---------- Given data ----------
(** * Exponent arithmetic *)

(* [delta3_hi] and [delta3_lo] are the exponents of the claimed formula for
   delta_3; the three largest odd coset leaders are [q ^ m - 1 - c] for
   [c = q ^ (m - 1)], [delta2_compl q m] and [delta3_compl q m]. *)
Definition delta3_hi m := if ~~ (3 %| m.+1) then (2 * m + 1) %/ 3 else (2 * m - 1) %/ 3.
Definition delta3_lo m := if ~~ (3 %| m.+1) then m %/ 3 - 1 else (m + 1) %/ 3.

Definition delta2_hi m := (2 * m - 1) %/ 3.
Definition delta2_lo m := (m - 1) %/ 3.

Definition delta2_compl q m :=
  if m == 2 then 2 * q + 1 else q ^ (m - 1) + q ^ delta2_hi m + q ^ delta2_lo m.
Definition delta3_compl q m := q ^ (m - 1) + q ^ delta3_hi m + q ^ delta3_lo m.

Lemma delta3_exps_mod3 m : 3 <= m -> exists n,
  [\/ [/\ m = 3 * n, 0 < n, delta3_hi m = 2 * n & delta3_lo m = n - 1],
      [/\ m = 3 * n + 1, 0 < n, delta3_hi m = 2 * n + 1 & delta3_lo m = n - 1]
    | [/\ m = 3 * n + 2, delta3_hi m = 2 * n + 1 & delta3_lo m = n + 1]].
Proof.
move=> le3m; exists (m %/ 3); rewrite /delta3_hi /delta3_lo.
case: ifP => [/negP ndvd | /negbFE dvd]; last by apply: Or33; split; lia.
have [m3 | m3] : m %% 3 = 0 \/ m %% 3 = 1 by lia.
  by apply: Or31; split; lia.
by apply: Or32; split; lia.
Qed.

Lemma delta3_exps_range m : 2 <= m ->
  [\/ [/\ m = 2, delta3_hi m = 1 & delta3_lo m = 1],
      [/\ 3 <= m <= 4, delta3_hi m = m - 1 & delta3_lo m = 0]
    | 5 <= m /\ delta3_lo m < delta3_hi m < m - 1].
Proof.
move=> le2m; case: (leqP m 4) => [lem4 | lt4m].
  by case: m le2m lem4 => [|[|[|[|[|m]]]]] // _ _; [apply: Or31 | apply: Or32 ..].
apply: Or33; have le3m : 3 <= m by lia.
by have [n [[? ? -> ->] | [? ? -> ->] | [? -> ->]]] := delta3_exps_mod3 le3m; lia.
Qed.

Lemma delta3_exps_lt m : 5 <= m ->
  let a := delta3_hi m in let b := delta3_lo m in
  lexlt (m - 1 - a + b) (m - 2 - a) a b && lexlt (m - 2 - b) (a - b - 1) a b.
Proof.
move=> le5m; have le3m : 3 <= m by lia.
by have [n [[? ? -> ->] | [? ? -> ->] | [? -> ->]]] := delta3_exps_mod3 le3m;
  rewrite /lexlt; lia.
Qed.

Lemma delta2_exps m : 3 <= m ->
  let t := delta2_hi m in let t' := delta2_lo m in
  [&& t' < t < m - 1, lexle (m - 1 - t + t') (m - 2 - t) t t'
    & lexle (m - 2 - t') (t - t' - 1) t t'].
Proof. by rewrite /delta2_hi /delta2_lo /lexle; lia. Qed.

Lemma delta2_exps_lt m : 5 <= m ->
  lexlt (delta2_hi m) (delta2_lo m) (delta3_hi m) (delta3_lo m).
Proof.
move=> le5m; have le3m : 3 <= m by lia.
by have [n [[? ? -> ->] | [? ? -> ->] | [? -> ->]]] := delta3_exps_mod3 le3m;
  rewrite /lexlt /delta2_hi /delta2_lo; lia.
Qed.

Lemma rot3_exps_eq m t t' : 3 <= m -> t' < t < m - 1 ->
  lexle (m - 1 - t + t') (m - 2 - t) t t' -> lexle (m - 2 - t') (t - t' - 1) t t' ->
  m <= 4 \/ lexlt t t' (delta3_hi m) (delta3_lo m) ->
  t = delta2_hi m /\ t' = delta2_lo m.
Proof.
move=> le3m; rewrite /lexle /lexlt /delta2_hi /delta2_lo.
by have [n [[? ? -> ->] | [? ? -> ->] | [? -> ->]]] := delta3_exps_mod3 le3m; lia.
Qed.

Lemma rot4_exps_absurd m t t' t'' : 3 <= m -> t' < t < m - 1 -> 0 < t'' < t' ->
  [&& m - 1 - t + t' <= t, m - 1 - t' + t'' <= t & m - 2 - t'' <= t] ->
  m <= 4 \/ lexlt t t' (delta3_hi m) (delta3_lo m) -> False.
Proof.
move=> le3m; rewrite /lexlt.
by have [n [[? ? -> ->] | [? ? -> ->] | [? -> ->]]] := delta3_exps_mod3 le3m; lia.
Qed.

Lemma count_pred2_iota n x y : x < n -> y < n -> x != y ->
  count (fun i => (i == x) || (i == y)) (iota 0 n) = 2.
Proof.
move=> ltx lty neq_xy.
have disj : count (predI (pred1 x) (pred1 y)) (iota 0 n) = 0.
  apply/eqP; rewrite -leqn0 leqNgt -has_count.
  by apply/hasP => -[i _ /andP [/eqP -> /eqP eq_xy]]; rewrite eq_xy eqxx in neq_xy.
have := count_predUI (pred1 x) (pred1 y) (iota 0 n).
by rewrite disj addn0 !count_uniq_mem ?iota_uniq // !mem_iota /= ltx lty.
Qed.


(** * The three largest odd coset leaders *)

Section LargestOddLeaders.

Variables q m : nat.
Hypotheses (q_odd : odd q) (q_gt2 : 2 < q) (m_gt1 : 1 < m) (qm_ge25 : 25 <= q ^ m).

Local Notation N := (q ^ m - 1).
Local Notation P := (q ^ (m - 1)).

Let q_gt1 : 1 < q. Proof. exact: ltnW. Qed.

Let expq_gt0 k : 0 < q ^ k.
Proof. by rewrite expn_gt0 ltnW. Qed.

Let odd_expq k : odd (q ^ k).
Proof. by rewrite oddX q_odd orbT. Qed.

Let eN : q ^ m = q * P.
Proof. by rewrite -expnS; congr (_ ^ _); lia. Qed.

Let odd_N_sub c : c <= N -> odd (N - c) = odd c.
Proof. by move=> lecN; rewrite oddB // oddB ?expq_gt0 // odd_expq. Qed.


Let le_3P_qP : 3 * P <= q * P.
Proof. by rewrite leq_mul2r q_gt2 orbT. Qed.

Let q_gt4_sq : m = 2 -> 4 < q.
Proof.
move=> m2; rewrite ltnNge; apply/negP => le_q4.
have : q ^ 2 <= 4 ^ 2 by rewrite leq_exp2r.
by move: qm_ge25; rewrite m2; lia.
Qed.

Lemma lt_double_of_lt_delta3 c : 2 < m -> odd c -> c < delta3_compl q m -> c < 2 * P.
Proof.
move=> m_gt2 c_odd; rewrite /delta3_compl.
have [[m2 _ _] | [_ -> ->] | [_ /andP [ltba ltam]]] := delta3_exps_range m_gt1.
- by move: m_gt2; rewrite m2.
- have : c != 2 * P by apply: contraTneq c_odd => ->; rewrite oddM.
  rewrite expn0; pow_lia.
have := leq_double_exp q_gt1 ltam; have : q ^ delta3_lo m < q ^ delta3_hi m by rewrite ltn_exp2l.
pow_lia.
Qed.

Lemma odd_rot_max_lt_delta3 c : 0 < c < N -> odd c -> rot_max q m c ->
  c < delta3_compl q m -> c = P \/ c = delta2_compl q m.
Proof.
move=> c_bounds c_odd cmax ltc3; have /andP [_ ltcN] := c_bounds.
have le_Pc := rot_max_ge_top q_gt1 m_gt1 c_bounds cmax.
have [m2 | m_gt2] : m = 2 \/ 2 < m by lia.
  move: cmax c_bounds ltc3; rewrite /delta2_compl /delta3_compl m2 /= expn1 => cmax c_bounds ltc3.
  by apply: odd_rot_max_m2 => //; lia.
have ltc2P := lt_double_of_lt_delta3 m_gt2 c_odd ltc3.
have [<- | ltPc] : P = c \/ P < c by pow_lia.
  by left.
have [t [t' [S [tt' ltS ec shape]]]] :=
  rot_max_shape q_gt1 q_odd cmax c_odd (introT andP (conj ltPc ltc2P)) ltcN.
have exps_lt : m <= 4 \/ lexlt t t' (delta3_hi m) (delta3_lo m).
  have [[m2 _ _] | [/andP [_ le_m4] _ _] | [_ /andP [ltba ltam]]] :=
    delta3_exps_range m_gt1; [lia | by left | right].
  rewrite -(ltn_add_exp q_gt1) //; first by move: ltc3; rewrite /delta3_compl ec; pow_lia.
  by case/andP: tt'.
case: shape => [[S0 /andP [le1 le2]] | [t'' tt'' exps]]; last first.
  by case: (rot4_exps_absurd m_gt2 tt' tt'' exps exps_lt).
have [et et'] := rot3_exps_eq m_gt2 tt' le1 le2 exps_lt.
by right; rewrite /delta2_compl ifN ?ec ?S0 ?addn0 ?et ?et' //; lia.
Qed.

Lemma delta3_compl_facts :
  [/\ delta3_compl q m < N, odd (delta3_compl q m) &
      forall k, 0 < k < m -> (delta3_compl q m * q ^ k) %% N < delta3_compl q m].
Proof.
rewrite /delta3_compl.
have [[m2 -> ->] | [_ -> ->] | [m_ge5 /andP [ltba ltam]]] := delta3_exps_range m_gt1.
- have : 5 * q <= q * q by rewrite leq_mul2r q_gt4_sq ?orbT.
  rewrite m2 expn1 -mulnn; split=> [||k kk]; first lia.
    by rewrite !oddD q_odd.
  have lt3q : 0 < 3 < q by have := q_gt4_sq m2; lia.
  have := @lt_rot_lead q 2 q_gt2 3 k (ltnSn 1) lt3q kk.
  by rewrite expn1 -mulnn (_ : q + q + q = 3 * q); lia.
- rewrite expn0 addnn -mul2n; split=> [||k]; first by rewrite eN; lia.
    by rewrite oddD oddM.
  exact: rot_lt_double_lead.
have := leq_double_exp q_gt1 ltam; have : q ^ delta3_lo m < q ^ delta3_hi m by rewrite ltn_exp2l.
split=> [||k kk]; first by rewrite eN; pow_lia.
  by rewrite !oddD !odd_expq.
by have /andP [lt1 lt2] := delta3_exps_lt m_ge5; apply: rot3_lt => //; rewrite ltba.
Qed.

Lemma rot_max_delta1 : rot_max q m P.
Proof.
apply: rot_max_of_le => k kk; apply: ltnW.
by have := lt_rot_lead q_gt2 m_gt1 (_ : 0 < 1 < q) kk; rewrite mul1n; apply.
Qed.

Lemma delta2_compl_facts :
  [/\ P < delta2_compl q m < delta3_compl q m, odd (delta2_compl q m)
    & rot_max q m (delta2_compl q m)].
Proof.
rewrite /delta2_compl /delta3_compl; case: eqP => [m2 | m_neq2].
  have [[_ -> ->] | [] | []] := delta3_exps_range m_gt1; try lia.
  have cmax : rot_max q m (2 * P + 1).
    by apply: rot_max_of_le => k kk; apply/ltnW/rot_lt_double_lead.
  rewrite m2 expn1 in cmax *; split=> //; first lia.
  by rewrite oddD oddM.
have m_ge3 : 3 <= m by lia.
have /and3P [tt' le1 le2] := delta2_exps m_ge3; have /andP [ltt't lttm] := tt'.
have [le2t le2t'] := (leq_double_exp q_gt1 lttm, leq_double_exp q_gt1 ltt't).
split; [apply/andP; split | by rewrite !oddD !odd_expq | exact: rot_max3 tt' le1 le2].
  by have := expq_gt0 (delta2_lo m); pow_lia.
have [[] | [_ -> ->] | [m_ge5 /andP [ltba ltam]]] := delta3_exps_range m_gt1; first lia.
  by rewrite expn0; have := expq_gt0 (delta2_lo m); pow_lia.
by rewrite -!addnA ltn_add2l ltn_add_exp // delta2_exps_lt.
Qed.
(* Let $T>0$, $0<M\le2$, $N=2$, and consider the problem of minimizing $\mathbb V(T)=\frac12(\xi_1(T)^2+\xi_2(T)^2)$ over $\alpha\in\mathcal U_M$, where $\dot\xi_i=-\xi_i+(1-\alpha_i)\bar\xi$ ($i=1,2$), $\bar\xi=\frac12(\xi_1+\xi_2)$, with initial datum satisfying $\bar\xi(0)>0$. If $\xi_1(0)=\xi_2(0)$, then a control $\alpha\in\mathcal U_M$ is optimal if and only if $\alpha_1+\alpha_2\equiv M$ and $\xi_1(T)=\xi_2(T)$.
   Context: $\mathcal U_M$ is the set of measurable $\alpha:[0,T]\to[0,1]^2$ with $\alpha_1(t)+\alpha_2(t)\le M$ for all $t$; ''$\equiv$'' means equality for (almost) all $t\in[0,T]$. *)

From HB Require Import structures.
From mathcomp Require Import all_boot all_order all_algebra.
From mathcomp Require Import all_classical all_reals all_analysis.
Set Implicit Arguments. Unset Strict Implicit. Unset Printing Implicit Defensive.
Import Order.TTheory GRing.Theory Num.Theory.
Import numFieldNormedType.Exports.
Local Open Scope classical_set_scope.
Local Open Scope ring_scope.

Definition admissible (R : realType) (T M : R) (a1 a2 : R -> R) : Prop :=
  measurable_fun `[0, T]%classic a1 /\ measurable_fun `[0, T]%classic a2 /\
  (forall t, 0 <= t <= T ->
     [/\ 0 <= a1 t <= 1, 0 <= a2 t <= 1 & a1 t + a2 t <= M]).

Definition xibar (R : realType) (x1 x2 : R -> R) (t : R) : R :=
  (x1 t + x2 t) / 2.

Definition trajectory (R : realType) (T : R) (a1 a2 x1 x2 : R -> R)
    (c1 c2 : R) : Prop :=
  {within `[0, T], continuous x1} /\ {within `[0, T], continuous x2} /\
  (forall t, 0 <= t <= T ->
     x1 t = c1 + Rintegral lebesgue_measure `[0, t]%classic
                  (fun s => - x1 s + (1 - a1 s) * xibar x1 x2 s)) /\
  (forall t, 0 <= t <= T ->
     x2 t = c2 + Rintegral lebesgue_measure `[0, t]%classic
                  (fun s => - x2 s + (1 - a2 s) * xibar x1 x2 s)).

Definition cost (R : realType) (T : R) (x1 x2 : R -> R) : R :=
  (x1 T ^+ 2 + x2 T ^+ 2) / 2.

Definition optimal (R : realType) (T M c1 c2 : R) (a1 a2 x1 x2 : R -> R) : Prop :=
  admissible T M a1 a2 /\ trajectory T a1 a2 x1 x2 c1 c2 /\
  forall b1 b2 y1 y2 : R -> R, admissible T M b1 b2 ->
    trajectory T b1 b2 y1 y2 c1 c2 -> cost T x1 x2 <= cost T y1 y2.

From HB Require Import structures.
From mathcomp Require Import all_boot all_order all_algebra.
From mathcomp Require Import all_classical all_reals all_analysis.
From mathcomp Require Import ring lra.
From mathcomp Require Import measurable_realfun.
Set Implicit Arguments.
Unset Strict Implicit.
Unset Printing Implicit Defensive.
Import Order.TTheory GRing.Theory Num.Theory.
Import numFieldNormedType.Exports.
Local Open Scope classical_set_scope.
Local Open Scope ring_scope.

(* Write [S = xi1 + xi2] and [s = alpha1 + alpha2]. Summing the state
   equations gives [S' = - s S / 2], so [S] stays positive and, as [s <= M],
   [S(T) >= S(0) e^(-MT/2)], with equality iff [s = M] almost everywhere.
   Since [V(T) = (S(T)/2)^2 + ((xi1 - xi2)(T)/2)^2], the value
   [(c e^(-MT/2))^2] is a lower bound for the cost; it is attained by the
   constant control [alpha1 = alpha2 = M/2], and by a control exactly when
   [s = M] a.e. and [xi1(T) = xi2(T)].
   The state is only a Caratheodory solution, so rather than differentiating
   [S] we use its C^1 primitive [P], which satisfies
   [P' + (M/2) P = S(0) + J/2] with [J t = int_0^t (M - s) S]; while [S >= 0],
   [J] is nonnegative and nondecreasing, and comparison with the exponential
   solution of [P' + (M/2) P = K] gives the bounds. *)

Section DifferentialInequality.
Context {R : realType}.
(* Every topological space with the countable chain condition (CCC) is selectively $2$-star-ccc.
   Context: No separation axioms are assumed. A space has the CCC if every pairwise disjoint family of open sets is countable. For $B\subseteq X$ and a family $\mathcal{U}$ of subsets of $X$: $\operatorname{st}^1(B,\mathcal{U})=\bigcup\{U\in\mathcal{U}:U\cap B\neq\emptyset\}$ and $\operatorname{st}^{2}(B,\mathcal{U})=\bigcup\{U\in\mathcal{U}:U\cap\operatorname{st}^1(B,\mathcal{U})\neq\emptyset\}$. A space $X$ is selectively $2$-star-ccc if for every open cover $\mathcal{U}$ of $X$ and every sequence $(\mathcal{A}_n:n\in\omega)$ of maximal pairwise disjoint families of open subsets of $X$, there is a sequence $(A_n\in\mathcal{A}_n:n\in\omega)$ with $\operatorname{st}^2(\bigcup_{n\in\omega}A_n,\mathcal{U})=X$. *)

(* spaces are [topologicalType]s (no separation axioms). *)
From HB Require Import structures.
From mathcomp Require Import all_boot.
From mathcomp Require Import boolp classical_sets cardinality topology.
Set Implicit Arguments. Unset Strict Implicit. Unset Printing Implicit Defensive.
Local Open Scope classical_set_scope.

Section Defs.
Context {T : topologicalType}.

Definition disjoint_open_family (F : set (set T)) : Prop :=
  (forall A, F A -> open A) /\
  (forall A B, F A -> F B -> A <> B -> A `&` B = set0).

Definition ccc : Prop :=
  forall F : set (set T), disjoint_open_family F -> countable F.

Definition maximal_disjoint_open_family (F : set (set T)) : Prop :=
  disjoint_open_family F /\
  (forall G : set (set T), disjoint_open_family G -> F `<=` G -> G = F).

Definition open_cover (U : set (set T)) : Prop :=
  (forall V, U V -> open V) /\ \bigcup_(V in U) V = setT.

Definition st1 (B : set T) (U : set (set T)) : set T :=
  \bigcup_(V in [set V | U V /\ V `&` B !=set0]) V.

Definition st2 (B : set T) (U : set (set T)) : set T :=
  \bigcup_(V in [set V | U V /\ V `&` st1 B U !=set0]) V.

Definition selectively_2_star_ccc : Prop :=
  forall (U : set (set T)) (A : nat -> set (set T)),
    open_cover U ->
    (forall n, maximal_disjoint_open_family (A n)) ->
    exists a : nat -> set T,
      (forall n, A n (a n)) /\ st2 (\bigcup_n a n) U = setT.

End Defs.

From mathcomp Require Import all_boot.
From mathcomp Require Import boolp classical_sets cardinality topology.

(* Take a maximal pairwise disjoint family E of nonempty open sets each lying
   inside some member of the cover U; by the CCC, E is countable, so its
   members can be listed as W_0, W_1, ... and a_n can be chosen in A_n to meet
   W_n (maximal disjoint families meet every nonempty open set).  Given x,
   pick V in U containing x; by maximality V meets some W_n, and W_n lies in
   some V' in U.  Then V' meets a_n, so V' is in st^1, and V meets V' inside
   W_n, so x is in st^2. *)

Set Implicit Arguments.
Unset Strict Implicit.
Unset Printing Implicit Defensive.
Local Open Scope classical_set_scope.

Lemma maximal_disjoint_subcollection_meets {T : Type} (D E : set (set T))
    (V : set T) :
  maximal_disjoint_subcollection id E D -> D V -> V !=set0 ->
  exists2 W, E W & V `&` W !=set0.
Proof.
move=> [ED tE maxE] DV V0; apply: contrapT => noW.
have EV : ~ E V by move=> EV; apply: noW; exists V; rewrite ?setIid.
apply: (maxE (E `|` [set V])).
- by split; [move=> ? ?; left | move=> EVE; apply: EV; apply: EVE; right].
- by move=> W [/ED //| ->].
- move=> W W' [EW|->] [EW'|->] WW' //; first exact: tE.
  + by exfalso; apply: noW; exists W; rewrite // setIC.
  + by exfalso; apply: noW; exists W'.
Qed.

Section disjoint_open_families.
Context {T : topologicalType}.
Implicit Types (F E : set (set T)) (W : set T).

Lemma trivIset_disjoint_open_family E :
  (forall W, E W -> open W) -> trivIset E id -> disjoint_open_family E.
Proof.
move=> Eo tE; split=> // W W' EW EW' WW'.
by apply/nonemptyPn => /(tE _ _ EW EW').
Qed.

Lemma maximal_disjoint_open_family_mem F W :
  maximal_disjoint_open_family F -> open W ->
  (forall A, F A -> A `&` W = set0) -> F W.
Proof.
move=> [[Fo Fd] Fmax] oW FW0.
suff <- : F `|` [set W] = F by right.
apply: Fmax; last by move=> ? ?; left.
split; first by move=> A [/Fo //| ->].
move=> A B [FA|->] [FB|->] AB //; first exact: Fd.
- exact: FW0.
- by rewrite setIC; apply: FW0.
Qed.

Lemma maximal_disjoint_open_family_set0 F :
  maximal_disjoint_open_family F -> F set0.
Proof.
move=> Fmax.
by apply: maximal_disjoint_open_family_mem Fmax open0 _ => A _; rewrite setI0.
Qed.

Lemma maximal_disjoint_open_family_meets F W :
  maximal_disjoint_open_family F -> open W -> W !=set0 ->
  exists2 A, F A & A `&` W !=set0.
Proof.
move=> Fmax oW W0; apply: contrapT => noA.
have FW : F W.
  apply: maximal_disjoint_open_family_mem => // A FA.
  by apply/nonemptyPn => AW; apply: noA; exists A.
by apply: noA; exists W; rewrite ?setIid.
Qed.

Lemma select_meeting_countable E (A : nat -> set (set T)) :
  countable E -> (forall W, E W -> open W /\ W !=set0) ->
  (forall n, maximal_disjoint_open_family (A n)) ->
  exists a : nat -> set T,
    (forall n, A n (a n)) /\ forall W, E W -> exists n, a n `&` W !=set0.
Proof.
move=> /countable_injP[f finj] Eopen Amax.
have stage n : exists a, A n a /\ forall W, E W -> f W = n -> a `&` W !=set0.
  have [[W EW fW]|noW] := pselect (exists2 W, E W & f W = n).
    have [oW W0] := Eopen _ EW.
    have [a Aa aW] := maximal_disjoint_open_family_meets (Amax n) oW W0.
    exists a; split=> // W' EW' fW'.
    by rewrite (finj W' W) ?inE // fW fW'.
  exists set0; split; first exact: maximal_disjoint_open_family_set0.
  by move=> W EW fW; case: noW; exists W.
have [a aP] := choice stage.
exists a; split=> [n | W EW]; first exact: (aP n).1.
by exists (f W); apply: (aP (f W)).2.
Qed.

Lemma sub_st2 (U : set (set T)) (B W V V' : set T) :
  U V -> U V' -> W `<=` V' -> B `&` W !=set0 -> V `&` W !=set0 ->
  V `<=` st2 B U.
Proof.
move=> UV UV' WV' BW VW x Vx; exists V => //; split=> //.
have [y [Vy Wy]] := VW; exists y; split=> //.
exists V'; last exact: WV'.
by split=> //; rewrite setIC; apply: subsetI_neq0 BW.
Qed.

End disjoint_open_families.

Theorem corollary4 (T : topologicalType) :
  @ccc T -> @selectively_2_star_ccc T.
Proof.
move=> Tccc U A [Uo Ucov] Amax.
pose D := [set W : set T | [/\ open W, W !=set0 & exists2 V, U V & W `<=` V]].
have [E Emax] := ex_maximal_disjoint_subcollection id D.
have [ED tE _] := Emax.
have Eopen W : E W -> open W /\ W !=set0 by move=> /ED[].
have cE : countable E.
  by apply/Tccc/trivIset_disjoint_open_family => // W /Eopen[].
have [a [Aa aE]] := select_meeting_countable cE Eopen Amax.
exists a; split=> //; apply/seteqP; split=> // x _.
have [V UV Vx] : (\bigcup_(V in U) V) x by rewrite Ucov.
have DV : D V by split; [exact: Uo | exists x | exists V].
have [W EW VW] := maximal_disjoint_subcollection_meets Emax DV (ex_intro _ x Vx).
have [_ _ [V' UV' WV']] := ED _ EW.
have [n anW] := aE _ EW.
apply: (sub_st2 UV UV' WV' _ VW Vx).
by apply: subsetI_neq0 anW => // y any; exists n.
Qed.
----------
» Exercise directions: Count how many lines of the listing include "lexlt". Nothing but the number is wanted.

» Exercise output: 9